The tennis players were chatting with their backs to me. I wanted to shout. To tell that old man to take his hand off that girl’s nearly bare ass.
“So, you can see why I’ve been busy today,” he said. “I didn’t have time to update you on the diary. But once I saw what was in it, I had to hand it over to Hernández and his partner, Wood. They’ll need everything they can get.”
“You held on to the diary. You lied to me. And Benjamin knew you were lying. To me. His mother.” The next part hit me hard. “Which means he was watching you get away with it.”
“Whatever.”
“Not whatever. Benjamin’s hypersensitive to this stuff right now, and he seems to be getting more slippery with the truth. He’s watching me. I’m sure as hell he’s watching you. If a cop plays that fast and loose . . .”
Robert sighed. “I needed to make sure. I was worried Benjamin’s name would be in there. But it wasn’t. Lots of other guys, lots of innuendo. Nicknames and stuff.”
“Nicknames.”
“But Benjamin’s name isn’t in there. I swear.”
“What kind of nicknames?”
“I don’t remember.” Someone in the background was calling for Robert.
I dreaded asking. “Was one of them ‘Shrimp’?”
“Maybe. Actually, yeah. Shrimp. That was one of them.” The diary. The decoy. My son himself, as living evidence.
The shortest kid in the class.
“That’s Benjamin,” I said. I couldn’t believe it hadn’t hit me before.
“Oh, shit.” Robert lowered his voice. “Well, at least Hernández and Wood don’t know that.”
“But they will. Robert, they will. As soon as they ask other kids.”
When I got back to the lounge chairs, Dr. Campbell asked, “Everything all right? You look upset.”
“No. It’s fine.” I pushed my phone into my bag with shaky hands, the crinkle reminding me of what I’d already stashed at the bottom.
Benjamin continued flip turning down the lap lane. I wanted him to be finished, so we could leave, but it wasn’t like leaving would make things any better.
“I heard you went on to a master’s program,” Dr. Campbell said, pleasantly, as if he hadn’t noticed my distressed expression. “Are you teaching? Counseling?”
“Counseling. At a local private high school.” I couldn’t keep the dismay from my voice.
“Not Summit, I hope. The suicides?”
“They’re investigating them as homicides now.”
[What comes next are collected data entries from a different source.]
Lemma ltn_start : {mono start : k l / (k < l)%N}.
Proof.
move=> k l; case: (ltngtP k l) => [kl | lk | <-]; last exact: ltnn.
- by apply: leq_trans (start_sep kl); rewrite addnS ltnS leq_addr.
- apply/negbTE; rewrite -leqNgt; apply: leq_trans (start_sep lk).
  by rewrite addnS leqW // leq_addr.
Qed.

Lemma start_le b g k :
  (forall j, e j <= b)%N -> (forall j, w j <= g)%N -> (start k <= k.+1 * b + k * g.+1)%N.
Proof.
have sum_le (F : nat -> nat) c l : (forall j, F j <= c)%N -> (\sum_(j < l) F j <= l * c)%N.
  move=> Fc; apply: (@leq_trans (\sum_(j < l) c)%N); first by apply: leq_sum => j _.
  by rewrite big_const_ord iter_addn_0 mulnC.
by move=> eb wg; apply: leq_add; [apply: (sum_le e) | apply: (sum_le (fun j => (w j).+1))].
Qed.

Lemma sum_start n :
  (\sum_(k < n) (start k).+1
    = n + \sum_(j < n) (n - j) * e j + \sum_(j < n) (n - j.+1) * (w j).+1)%N.
Proof.
rewrite -(sum_prefix_sums (fun j => (w j).+1)).
have -> : (\sum_(j < n) (n - j) * e j = \sum_(k < n) \sum_(j < k.+1) e j)%N.
  have := sum_prefix_sums e n.+1.
  by rewrite big_ord_recl big_ord0 add0n big_ord_recr /= subnn mul0n addn0.
under eq_bigr => k _ do rewrite /start -add1n.
by rewrite !big_split /= sum1_card card_ord addnA.
Qed.

End Placement.

Definition gaps (w t : nat -> nat) k :=
  (t k - (if k is k'.+1 then t k' + (w k').+1 else 0))%N.

Lemma gaps_le w t k : (gaps w t k <= t k)%N.
Proof. exact: leq_subr. Qed.

Lemma start_gaps w t e n :
  (forall k, k.+1 < n -> t k + (w k).+1 <= t k.+1)%N ->
  (forall k, k < n -> e k = gaps w t k)%N ->
  forall k, (k < n)%N -> start e w k = t k.
Proof.
move=> sep eE; elim=> [|k IH] kn; first by rewrite start0 eE // /gaps subn0.
by rewrite startS IH ?(ltnW kn) // eE // /gaps subnKC // sep.
Qed.

Section Sorting.

Variables (n : nat) (s : 'I_n -> nat).

Definition rank i := #|[set j | (s j < s i)%N]|.

Lemma rank_lt i : (rank i < n)%N.
Proof.
rewrite -[n]card_ord -cardsT; apply/proper_card/properP; split; first exact: subsetT.
by exists i; rewrite ?inE ?ltnn.
Qed.

Lemma rank_homo i j : (s i < s j)%N -> (rank i < rank j)%N.
Proof.
move=> ij; apply/proper_card/properP; split; last by exists i; rewrite !inE ?ltnn.
by apply/subsetP => k; rewrite !inE => /ltn_trans; apply.
Qed.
He took the statement in stride.
“You must be in shock. Of course you are. I’m sorry. It’s hard for any therapist, losing a patient for any reason.”
He glanced down, giving me time to recover before looking up again. Those eyes. I hadn’t thought of Dr. Curtis Campbell in years.
“I’ve lost my job, too,” I said. “They blamed me, at first, when they thought the deaths were suicides. They probably still do.”
“No reasonable person could blame you.”
“I knew those girls. I talked to them. Clearly, even if they didn’t take their own lives, they were involved in something, and I had no idea. Everything I thought about them was wrong.”
He nodded patiently. “You have malpractice insurance, of course, but do you have the support you need?”
“Not really . . .”
A shadow passed over my whole body. Cold water speckled my legs.
“Mom,” Benjamin said, shaking his head like a dog.
“Hey!” I shouted, then wished I hadn’t.
“Young man,” Dr. Campbell said, swinging around to face my son, “you are one hell of a swimmer.”
“Not really,” Benjamin mumbled.
“No, you are. Take it from a parent of a former competitive swimmer who wouldn’t do her laps without a coach.”
I spotted the changing angle of Benjamin’s chin as he looked up, taking in the praise. “Yeah, well. Motivation isn’t everything.”
“I’d gamble on you as the next Michael Phelps.”
The compliment was too much, and we both knew it.